■ **WORK TASK**: In the listing below, locate the line that contains "Let X_rhs_ge_at_touch c" and the line that contains "- by move=>". Restate word for word those two lines and every line between them, and nothing else.

_ _ _ _

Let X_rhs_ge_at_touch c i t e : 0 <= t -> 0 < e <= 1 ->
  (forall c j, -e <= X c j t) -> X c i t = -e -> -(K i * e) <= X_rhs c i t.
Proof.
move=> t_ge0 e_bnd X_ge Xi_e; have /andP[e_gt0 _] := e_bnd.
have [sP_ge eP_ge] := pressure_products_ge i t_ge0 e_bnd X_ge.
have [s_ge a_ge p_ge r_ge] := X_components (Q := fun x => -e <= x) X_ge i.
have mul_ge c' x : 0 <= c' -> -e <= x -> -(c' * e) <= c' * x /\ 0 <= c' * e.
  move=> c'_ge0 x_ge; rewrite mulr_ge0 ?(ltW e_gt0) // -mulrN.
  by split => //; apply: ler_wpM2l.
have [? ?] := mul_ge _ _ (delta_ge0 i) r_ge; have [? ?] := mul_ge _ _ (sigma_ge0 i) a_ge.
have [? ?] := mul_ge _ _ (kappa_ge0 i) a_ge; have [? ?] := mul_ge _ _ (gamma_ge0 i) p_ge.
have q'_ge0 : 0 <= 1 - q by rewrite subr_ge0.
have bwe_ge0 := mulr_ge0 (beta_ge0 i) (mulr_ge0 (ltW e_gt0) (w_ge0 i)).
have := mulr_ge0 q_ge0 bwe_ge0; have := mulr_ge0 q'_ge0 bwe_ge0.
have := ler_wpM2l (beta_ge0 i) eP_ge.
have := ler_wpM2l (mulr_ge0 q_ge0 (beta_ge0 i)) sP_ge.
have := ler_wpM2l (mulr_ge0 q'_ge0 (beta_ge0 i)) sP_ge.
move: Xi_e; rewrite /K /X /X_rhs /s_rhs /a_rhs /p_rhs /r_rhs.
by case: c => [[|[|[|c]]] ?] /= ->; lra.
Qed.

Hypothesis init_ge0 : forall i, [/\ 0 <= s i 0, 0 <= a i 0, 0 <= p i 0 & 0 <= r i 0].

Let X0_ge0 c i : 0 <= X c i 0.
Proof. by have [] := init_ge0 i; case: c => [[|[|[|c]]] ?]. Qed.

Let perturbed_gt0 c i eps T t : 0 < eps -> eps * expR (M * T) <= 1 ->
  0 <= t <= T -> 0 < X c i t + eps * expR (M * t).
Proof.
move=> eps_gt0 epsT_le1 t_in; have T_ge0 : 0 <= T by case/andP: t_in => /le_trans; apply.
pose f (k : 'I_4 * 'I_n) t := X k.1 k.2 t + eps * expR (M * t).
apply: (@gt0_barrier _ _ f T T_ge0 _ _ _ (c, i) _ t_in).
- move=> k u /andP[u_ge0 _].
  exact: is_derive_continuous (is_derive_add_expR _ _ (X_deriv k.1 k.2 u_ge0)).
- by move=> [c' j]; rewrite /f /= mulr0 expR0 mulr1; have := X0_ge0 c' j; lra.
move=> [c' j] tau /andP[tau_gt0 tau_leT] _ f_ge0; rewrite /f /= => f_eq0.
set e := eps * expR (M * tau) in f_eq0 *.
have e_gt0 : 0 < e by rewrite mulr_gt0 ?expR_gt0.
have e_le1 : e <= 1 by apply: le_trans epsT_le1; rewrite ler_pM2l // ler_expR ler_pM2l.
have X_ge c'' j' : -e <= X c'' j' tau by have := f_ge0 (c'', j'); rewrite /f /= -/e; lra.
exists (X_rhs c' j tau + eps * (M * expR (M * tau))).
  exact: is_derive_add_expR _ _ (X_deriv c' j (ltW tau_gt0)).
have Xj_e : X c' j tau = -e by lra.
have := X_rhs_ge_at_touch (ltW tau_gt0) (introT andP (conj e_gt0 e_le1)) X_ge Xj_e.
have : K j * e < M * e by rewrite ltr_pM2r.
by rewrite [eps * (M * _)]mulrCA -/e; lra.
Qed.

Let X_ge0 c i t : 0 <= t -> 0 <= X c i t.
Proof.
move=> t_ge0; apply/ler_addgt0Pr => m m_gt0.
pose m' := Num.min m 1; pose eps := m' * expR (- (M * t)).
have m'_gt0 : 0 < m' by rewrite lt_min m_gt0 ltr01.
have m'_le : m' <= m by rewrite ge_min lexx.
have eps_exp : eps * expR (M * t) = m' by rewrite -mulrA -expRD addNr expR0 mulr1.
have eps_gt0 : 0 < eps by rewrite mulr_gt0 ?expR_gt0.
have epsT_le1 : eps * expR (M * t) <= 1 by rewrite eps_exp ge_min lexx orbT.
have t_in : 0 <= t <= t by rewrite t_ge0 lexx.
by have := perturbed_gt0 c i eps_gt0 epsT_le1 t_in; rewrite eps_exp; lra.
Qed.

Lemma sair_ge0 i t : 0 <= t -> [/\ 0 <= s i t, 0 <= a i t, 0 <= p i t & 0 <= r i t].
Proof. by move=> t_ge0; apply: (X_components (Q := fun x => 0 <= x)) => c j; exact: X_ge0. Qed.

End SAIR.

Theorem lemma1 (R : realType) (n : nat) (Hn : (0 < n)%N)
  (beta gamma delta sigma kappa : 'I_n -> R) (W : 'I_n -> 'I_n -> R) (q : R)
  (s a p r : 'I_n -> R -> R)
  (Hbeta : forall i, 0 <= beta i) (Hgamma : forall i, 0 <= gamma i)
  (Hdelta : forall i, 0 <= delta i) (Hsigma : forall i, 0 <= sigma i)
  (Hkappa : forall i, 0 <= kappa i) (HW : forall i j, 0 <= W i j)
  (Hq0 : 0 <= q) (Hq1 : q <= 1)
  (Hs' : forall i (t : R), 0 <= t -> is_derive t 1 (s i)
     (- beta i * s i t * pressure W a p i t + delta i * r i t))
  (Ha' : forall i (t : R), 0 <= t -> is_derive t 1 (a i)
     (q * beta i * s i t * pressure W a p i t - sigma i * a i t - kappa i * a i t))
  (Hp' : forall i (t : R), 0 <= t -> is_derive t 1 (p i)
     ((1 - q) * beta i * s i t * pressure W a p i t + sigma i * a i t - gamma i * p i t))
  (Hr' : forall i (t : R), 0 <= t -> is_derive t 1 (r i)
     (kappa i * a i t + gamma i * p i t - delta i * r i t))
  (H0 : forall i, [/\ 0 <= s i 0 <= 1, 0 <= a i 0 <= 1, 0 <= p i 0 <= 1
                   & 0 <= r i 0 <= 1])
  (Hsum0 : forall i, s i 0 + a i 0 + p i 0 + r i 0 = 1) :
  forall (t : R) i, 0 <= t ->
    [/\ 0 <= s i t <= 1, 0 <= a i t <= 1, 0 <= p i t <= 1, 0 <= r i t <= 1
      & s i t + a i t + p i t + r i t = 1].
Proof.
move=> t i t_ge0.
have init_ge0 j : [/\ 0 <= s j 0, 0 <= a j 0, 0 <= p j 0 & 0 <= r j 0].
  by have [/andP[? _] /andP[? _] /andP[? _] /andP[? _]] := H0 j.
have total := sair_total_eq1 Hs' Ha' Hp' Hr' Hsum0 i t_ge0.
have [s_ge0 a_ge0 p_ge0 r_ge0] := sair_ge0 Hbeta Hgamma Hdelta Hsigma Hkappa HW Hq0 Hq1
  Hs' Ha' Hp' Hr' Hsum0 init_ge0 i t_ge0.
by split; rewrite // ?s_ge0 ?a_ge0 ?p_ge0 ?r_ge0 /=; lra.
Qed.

_ _ _ _

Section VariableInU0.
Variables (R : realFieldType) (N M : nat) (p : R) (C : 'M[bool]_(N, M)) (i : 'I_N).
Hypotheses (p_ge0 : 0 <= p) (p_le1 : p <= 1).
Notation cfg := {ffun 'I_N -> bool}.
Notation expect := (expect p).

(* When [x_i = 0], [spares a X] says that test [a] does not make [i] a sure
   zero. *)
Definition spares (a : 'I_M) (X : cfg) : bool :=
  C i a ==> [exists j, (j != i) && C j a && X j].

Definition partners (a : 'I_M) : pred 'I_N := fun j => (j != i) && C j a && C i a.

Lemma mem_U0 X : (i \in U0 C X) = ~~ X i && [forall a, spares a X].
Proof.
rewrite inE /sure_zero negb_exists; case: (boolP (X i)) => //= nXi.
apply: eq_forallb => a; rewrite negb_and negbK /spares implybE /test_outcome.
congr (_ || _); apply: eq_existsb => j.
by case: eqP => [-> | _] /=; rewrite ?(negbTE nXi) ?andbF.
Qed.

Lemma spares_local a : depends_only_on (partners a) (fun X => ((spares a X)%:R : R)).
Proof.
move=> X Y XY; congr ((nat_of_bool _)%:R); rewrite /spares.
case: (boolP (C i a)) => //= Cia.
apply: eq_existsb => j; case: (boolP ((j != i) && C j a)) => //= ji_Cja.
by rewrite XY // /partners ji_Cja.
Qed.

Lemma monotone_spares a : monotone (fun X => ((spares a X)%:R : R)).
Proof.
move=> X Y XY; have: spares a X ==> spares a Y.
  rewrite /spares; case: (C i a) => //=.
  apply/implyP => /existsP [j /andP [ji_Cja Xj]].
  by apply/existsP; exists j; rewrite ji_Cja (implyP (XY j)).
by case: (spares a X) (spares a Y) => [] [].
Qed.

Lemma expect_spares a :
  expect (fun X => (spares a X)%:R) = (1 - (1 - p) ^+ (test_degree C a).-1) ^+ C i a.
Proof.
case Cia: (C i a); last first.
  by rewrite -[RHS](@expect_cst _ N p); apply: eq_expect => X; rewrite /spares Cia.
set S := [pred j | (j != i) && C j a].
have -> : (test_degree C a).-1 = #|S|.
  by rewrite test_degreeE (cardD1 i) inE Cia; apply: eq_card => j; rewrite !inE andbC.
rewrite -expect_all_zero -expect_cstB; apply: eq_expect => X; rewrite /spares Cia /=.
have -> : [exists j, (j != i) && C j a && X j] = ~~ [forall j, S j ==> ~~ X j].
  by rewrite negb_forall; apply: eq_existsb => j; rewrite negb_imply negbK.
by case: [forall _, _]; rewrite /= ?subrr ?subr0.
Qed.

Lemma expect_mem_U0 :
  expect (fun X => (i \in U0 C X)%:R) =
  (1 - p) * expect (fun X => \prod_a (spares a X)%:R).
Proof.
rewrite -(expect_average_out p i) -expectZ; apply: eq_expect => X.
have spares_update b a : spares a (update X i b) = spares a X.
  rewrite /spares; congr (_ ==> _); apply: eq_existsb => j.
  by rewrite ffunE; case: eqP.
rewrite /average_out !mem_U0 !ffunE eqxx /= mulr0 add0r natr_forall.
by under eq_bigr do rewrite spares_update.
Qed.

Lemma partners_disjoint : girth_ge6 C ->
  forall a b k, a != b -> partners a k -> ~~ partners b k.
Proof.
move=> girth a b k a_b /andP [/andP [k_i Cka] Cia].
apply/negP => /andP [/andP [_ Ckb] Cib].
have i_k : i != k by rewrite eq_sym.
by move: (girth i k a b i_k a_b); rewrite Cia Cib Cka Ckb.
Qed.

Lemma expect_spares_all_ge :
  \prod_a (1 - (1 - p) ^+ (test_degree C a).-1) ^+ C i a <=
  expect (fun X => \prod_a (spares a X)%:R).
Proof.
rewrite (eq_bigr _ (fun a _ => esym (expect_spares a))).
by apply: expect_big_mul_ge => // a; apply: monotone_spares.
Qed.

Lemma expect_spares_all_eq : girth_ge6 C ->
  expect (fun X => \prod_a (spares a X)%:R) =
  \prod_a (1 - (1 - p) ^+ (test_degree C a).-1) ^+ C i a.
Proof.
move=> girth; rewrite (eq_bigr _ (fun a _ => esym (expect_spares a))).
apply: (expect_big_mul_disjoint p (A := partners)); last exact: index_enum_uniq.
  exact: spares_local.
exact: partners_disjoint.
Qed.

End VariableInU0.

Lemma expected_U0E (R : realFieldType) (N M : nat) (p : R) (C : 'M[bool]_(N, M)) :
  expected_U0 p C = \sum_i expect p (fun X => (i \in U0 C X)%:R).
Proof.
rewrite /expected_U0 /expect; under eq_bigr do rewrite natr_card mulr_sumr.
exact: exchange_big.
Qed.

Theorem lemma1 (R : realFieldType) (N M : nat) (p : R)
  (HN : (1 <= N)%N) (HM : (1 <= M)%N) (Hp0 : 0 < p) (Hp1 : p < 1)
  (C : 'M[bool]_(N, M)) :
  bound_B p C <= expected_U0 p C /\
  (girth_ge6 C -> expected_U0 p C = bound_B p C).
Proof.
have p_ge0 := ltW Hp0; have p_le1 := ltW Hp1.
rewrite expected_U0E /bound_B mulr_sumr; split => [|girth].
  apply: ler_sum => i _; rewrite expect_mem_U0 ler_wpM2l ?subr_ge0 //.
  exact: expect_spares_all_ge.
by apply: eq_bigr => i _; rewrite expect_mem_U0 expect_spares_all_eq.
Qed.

_ _ _ _

■ **EXERCISE ANSWER**:
Let X_rhs_ge_at_touch c i t e : 0 <= t -> 0 < e <= 1 ->
  (forall c j, -e <= X c j t) -> X c i t = -e -> -(K i * e) <= X_rhs c i t.
Proof.
move=> t_ge0 e_bnd X_ge Xi_e; have /andP[e_gt0 _] := e_bnd.
have [sP_ge eP_ge] := pressure_products_ge i t_ge0 e_bnd X_ge.
have [s_ge a_ge p_ge r_ge] := X_components (Q := fun x => -e <= x) X_ge i.
have mul_ge c' x : 0 <= c' -> -e <= x -> -(c' * e) <= c' * x /\ 0 <= c' * e.
  move=> c'_ge0 x_ge; rewrite mulr_ge0 ?(ltW e_gt0) // -mulrN.
  by split => //; apply: ler_wpM2l.
have [? ?] := mul_ge _ _ (delta_ge0 i) r_ge; have [? ?] := mul_ge _ _ (sigma_ge0 i) a_ge.
have [? ?] := mul_ge _ _ (kappa_ge0 i) a_ge; have [? ?] := mul_ge _ _ (gamma_ge0 i) p_ge.
have q'_ge0 : 0 <= 1 - q by rewrite subr_ge0.
have bwe_ge0 := mulr_ge0 (beta_ge0 i) (mulr_ge0 (ltW e_gt0) (w_ge0 i)).
have := mulr_ge0 q_ge0 bwe_ge0; have := mulr_ge0 q'_ge0 bwe_ge0.
have := ler_wpM2l (beta_ge0 i) eP_ge.
have := ler_wpM2l (mulr_ge0 q_ge0 (beta_ge0 i)) sP_ge.
have := ler_wpM2l (mulr_ge0 q'_ge0 (beta_ge0 i)) sP_ge.
move: Xi_e; rewrite /K /X /X_rhs /s_rhs /a_rhs /p_rhs /r_rhs.
by case: c => [[|[|[|c]]] ?] /= ->; lra.
Qed.

Hypothesis init_ge0 : forall i, [/\ 0 <= s i 0, 0 <= a i 0, 0 <= p i 0 & 0 <= r i 0].

Let X0_ge0 c i : 0 <= X c i 0.
Proof. by have [] := init_ge0 i; case: c => [[|[|[|c]]] ?]. Qed.

Let perturbed_gt0 c i eps T t : 0 < eps -> eps * expR (M * T) <= 1 ->
  0 <= t <= T -> 0 < X c i t + eps * expR (M * t).
Proof.
move=> eps_gt0 epsT_le1 t_in; have T_ge0 : 0 <= T by case/andP: t_in => /le_trans; apply.
pose f (k : 'I_4 * 'I_n) t := X k.1 k.2 t + eps * expR (M * t).
apply: (@gt0_barrier _ _ f T T_ge0 _ _ _ (c, i) _ t_in).
- move=> k u /andP[u_ge0 _].
  exact: is_derive_continuous (is_derive_add_expR _ _ (X_deriv k.1 k.2 u_ge0)).
- by move=> [c' j]; rewrite /f /= mulr0 expR0 mulr1; have := X0_ge0 c' j; lra.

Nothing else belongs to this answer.